Rather than an investigation of “campus violence”, he wanted one into
“student violence”. Furthermore, he
already knew what it should find out:
Campus disorders were caused by the plotting of a handful of radicals
who exploited the neuroses of spoiled students until they erupted in violence,
which “weak” college administrators were too spineless to contain. The radicals were members of a national
conspiracy – “the roots of the Kent State incident lie in Berkeley, Ohio State,
and Michigan” – funded by sinister foreign powers (it went without saying,
communists). Although the “educators”
blamed the unrest on the war in Southeast Asia, there was really no connection.

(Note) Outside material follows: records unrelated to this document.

Lemma transV_lift M : forall c k, transV (liftL c k M) = liftB c k (transV M).
Proof.
  induction M as [n|M IH|M1 IH1 M2 IH2|M1 IH1 M2 IH2]; intros c k; simpl.
  - destruct (n <? c); auto.
  - rewrite IH; auto.
  - rewrite IH1, IH2, unbang_lift. destruct (unbang (transV M1)); auto.
  - rewrite IH1, IH2; auto.
Qed.

(* Variables of [transV M] only occur under a bang, so a substitution cannot
   create the shape L<!P>. *)
Lemma unbang_subst_transV M : forall j W,
  unbang (substB j W (transV M)) = option_map (substB j W) (unbang (transV M)).
Proof.
  induction M as [| |M1 _ M2 _|M1 IH1 M2 _]; intros j W; simpl; auto.
  - destruct (unbang (transV M1)); auto.
  - rewrite IH1. destruct (unbang (transV M1)); auto.
Qed.

Lemma transV_subst M : forall j V W, transV V = BBang W ->
  transV (substL j V M) = substB j W (transV M).
Proof.
  induction M as [n|M IH|M1 IH1 M2 IH2|M1 IH1 M2 IH2]; intros j V W HV; simpl.
  - destruct (n <? j); auto. destruct (n =? j); simpl; auto.
    rewrite transV_lift, HV; auto.
  - rewrite (IH _ _ _ HV); auto.
  - rewrite (IH1 _ _ _ HV), (IH2 _ _ _ HV), unbang_subst_transV.
    destruct (unbang (transV M1)); auto.
  - rewrite (IH1 _ _ _ HV), (IH2 _ _ _ HV); auto.
Qed.

Lemma transV_plug L M : transV (plugL L M) = plugB (map transV L) (transV M).
Proof. revert M; induction L; simpl; auto. Qed.

Lemma transV_eq_plug_bang L : forall U W, transV U = plugB L (BBang W) ->
  exists L' V, U = plugL L' V /\ L = map transV L' /\ transV V = BBang W /\ is_value V.
Proof.
  induction L as [|x L IH] using rev_ind; intros U W H; simpl in H.
  - exists [], U. destruct U as [| |U1 U2|]; simpl in H |- *; try discriminate; auto.
    destruct (unbang (transV U1)); discriminate.
  - rewrite plugB_app in H. destruct U as [| |U1 U2|U1 U2]; simpl in H; try discriminate.
    + destruct (unbang (transV U1)); discriminate.
    + injection H as H <-. destruct (IH _ _ H) as (L' & V & -> & -> & HV & HVv).
      exists (L' ++ [U2]), V. rewrite plugL_app, map_app; auto.
Qed.

Lemma transV_unbang_eq_plug_lam L : forall A M, unbang (transV A) = Some (plugB L (BLam M)) ->
  exists L' A0, A = plugL L' (LLam A0) /\ L = map transV L' /\ M = transV A0.
Proof.
  induction L as [|x L IH] using rev_ind; intros A M H; simpl in H.
  - destruct A as [| |A1 A2|A1 A2]; simpl in H; try discriminate.
    + injection H as <-. exists [], A; auto.
    + destruct (unbang (transV A1)); discriminate.
    + destruct (unbang (transV A1)); discriminate.
  - rewrite plugB_app in H. destruct A as [| |A1 A2|A1 A2]; simpl in H; try discriminate.
    + destruct (unbang (transV A1)); discriminate.
    + destruct (unbang (transV A1)) eqn:E; try discriminate.
      injection H as -> <-. destruct (IH _ _ E) as (L' & A0 & -> & -> & ->).
      exists (L' ++ [A2]), A0. rewrite plugL_app, map_app; auto.
Qed.

Lemma transV_root_reflect M N : rootB (transV M) N ->
  exists P, rootV M P /\ N = transV P.
Proof.
  destruct M as [| |M1 M2|M1 M2]; simpl; intros H; try solve [inversion H].
  - destruct (unbang (transV M1)) as [Q|] eqn:E;
      apply rootB_app_inv in H as (L & M' & HL & ->).
    + subst Q. apply transV_unbang_eq_plug_lam in E as (L' & A0 & -> & -> & ->).
      exists (plugL L' (LEs A0 (liftL 0 (length L') M2))); split; [constructor|].
      rewrite transV_plug; simpl. rewrite transV_lift, length_map; auto.
    + destruct (plugB_nil_or_es L (BLam M')) as [->|(A & B & E')];
        [|rewrite E' in HL]; discriminate.
  - apply rootB_es_inv in H as (L & W & HL & ->).
    apply transV_eq_plug_bang in HL as (L' & V & -> & -> & HV & HVv).
    exists (plugL L' (substL 0 V (liftL 1 (length L') M1))); split; [now constructor|].
    rewrite transV_plug, (transV_subst _ _ _ _ HV), transV_lift, length_map; auto.
Qed.

Lemma transV_step_sim M : forall N, stepB (transV M) N ->
  exists P, stepsV M P /\ stepsB N (transV P).
Proof.
  induction M as [n|M IH|M1 IH1 M2 IH2|M1 IH1 M2 IH2]; intros N H.
  - apply stepB_bang_inv in H as (X & H & _). now apply stepB_var_inv in H.
  - apply stepB_bang_inv in H as (X & H & ->). apply stepB_lam_inv in H as (Y & H & ->).
    destruct (IH _ H) as (P & HP & HS). exists (LLam P); split.
    + apply (stepsV_map LLam); [intros ? ? ?; apply ctxL_lam|]; auto.
    + apply (stepsB_map (fun x => BBang (BLam x))); auto using stepB_bang, stepB_lam.
  - apply stepB_appV_inv in H as [H|[(T & H & HN)|(U & H & ->)]].
    + destruct (transV_root_reflect (LApp M1 M2) N H) as (P & HP & ->).
      exists P; split; [apply rt_step; now constructor|apply rt_refl].
    + destruct (IH1 _ H) as (P & HP & HS). exists (LApp P M2); split.
      * apply (stepsV_map (fun x => LApp x M2)); [intros ? ? ?; apply ctxL_appl|]; auto.
      * eapply rt_trans; [exact HN|]. rewrite transV_app. apply stepsB_appV_l, HS.
    + destruct (IH2 _ H) as (P & HP & HS). exists (LApp M1 P); split.
      * apply (stepsV_map (LApp M1)); [intros ? ? ?; apply ctxL_appr|]; auto.
      * rewrite transV_app. apply stepsB_appV_r, HS.
  - apply stepB_es_inv in H as [H|[(X & H & ->)|(Y & H & ->)]].
    + destruct (transV_root_reflect (LEs M1 M2) N H) as (P & HP & ->).
      exists P; split; [apply rt_step; now constructor|apply rt_refl].
    + destruct (IH1 _ H) as (P & HP & HS). exists (LEs P M2); split.
      * apply (stepsV_map (fun x => LEs x M2)); [intros ? ? ?; apply ctxL_esl|]; auto.
      * apply (stepsB_map (fun x => BEs x (transV M2))); auto using stepB_esl.
    + destruct (IH2 _ H) as (P & HP & HS). exists (LEs M1 P); split.
      * apply (stepsV_map (LEs M1)); [intros ? ? ?; apply ctxL_esr|]; auto.
      * apply (stepsB_map (BEs (transV M1))); auto using stepB_esr.
Qed.

Theorem mainTheorem7 :
  (forall (M : lterm) (N : bterm), stepB (transN M) N ->
     exists P : lterm, stepsN M P /\ stepsB N (transN P)) /\
  (forall (M : lterm) (N : bterm), stepB (transV M) N ->
     exists P : lterm, stepsV M P /\ stepsB N (transV P)).
Proof.
  split.
  - intros M N H. destruct (transN_step_reflect M N H) as (P & HP & ->).
    exists P; split; [apply rt_step, HP|apply rt_refl].
  - exact transV_step_sim.
Qed.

The protests would continue after all the
troops were withdrawn, because the real aim of the radicals was to destroy
America and the Free World. The
majority of the students really supported him, but were “silenced, terrorized”
by the “totalitarianism of the left”.[32]
Joe Rhodes, the Harvard graduate fellow who had blamed
himself for Kent State because he hadn’t stayed in touch with White House
figures like Ehrlichman, had since been making the rounds of cabinet officers,
trying to persuade them to resign en masse to protest the murders. He was in George Romney’s office at Housing
and Urban Development when he heard of Nixon’s plan for a commission on
“student violence”. He immediately
wrote a memo based on his visceral reaction to the idea: “This is a cruel trick
to play on the American people, to take their pain and aim it at their
children.” In it, he counter-proposed a
commission on “Equal Justice Under the Law”.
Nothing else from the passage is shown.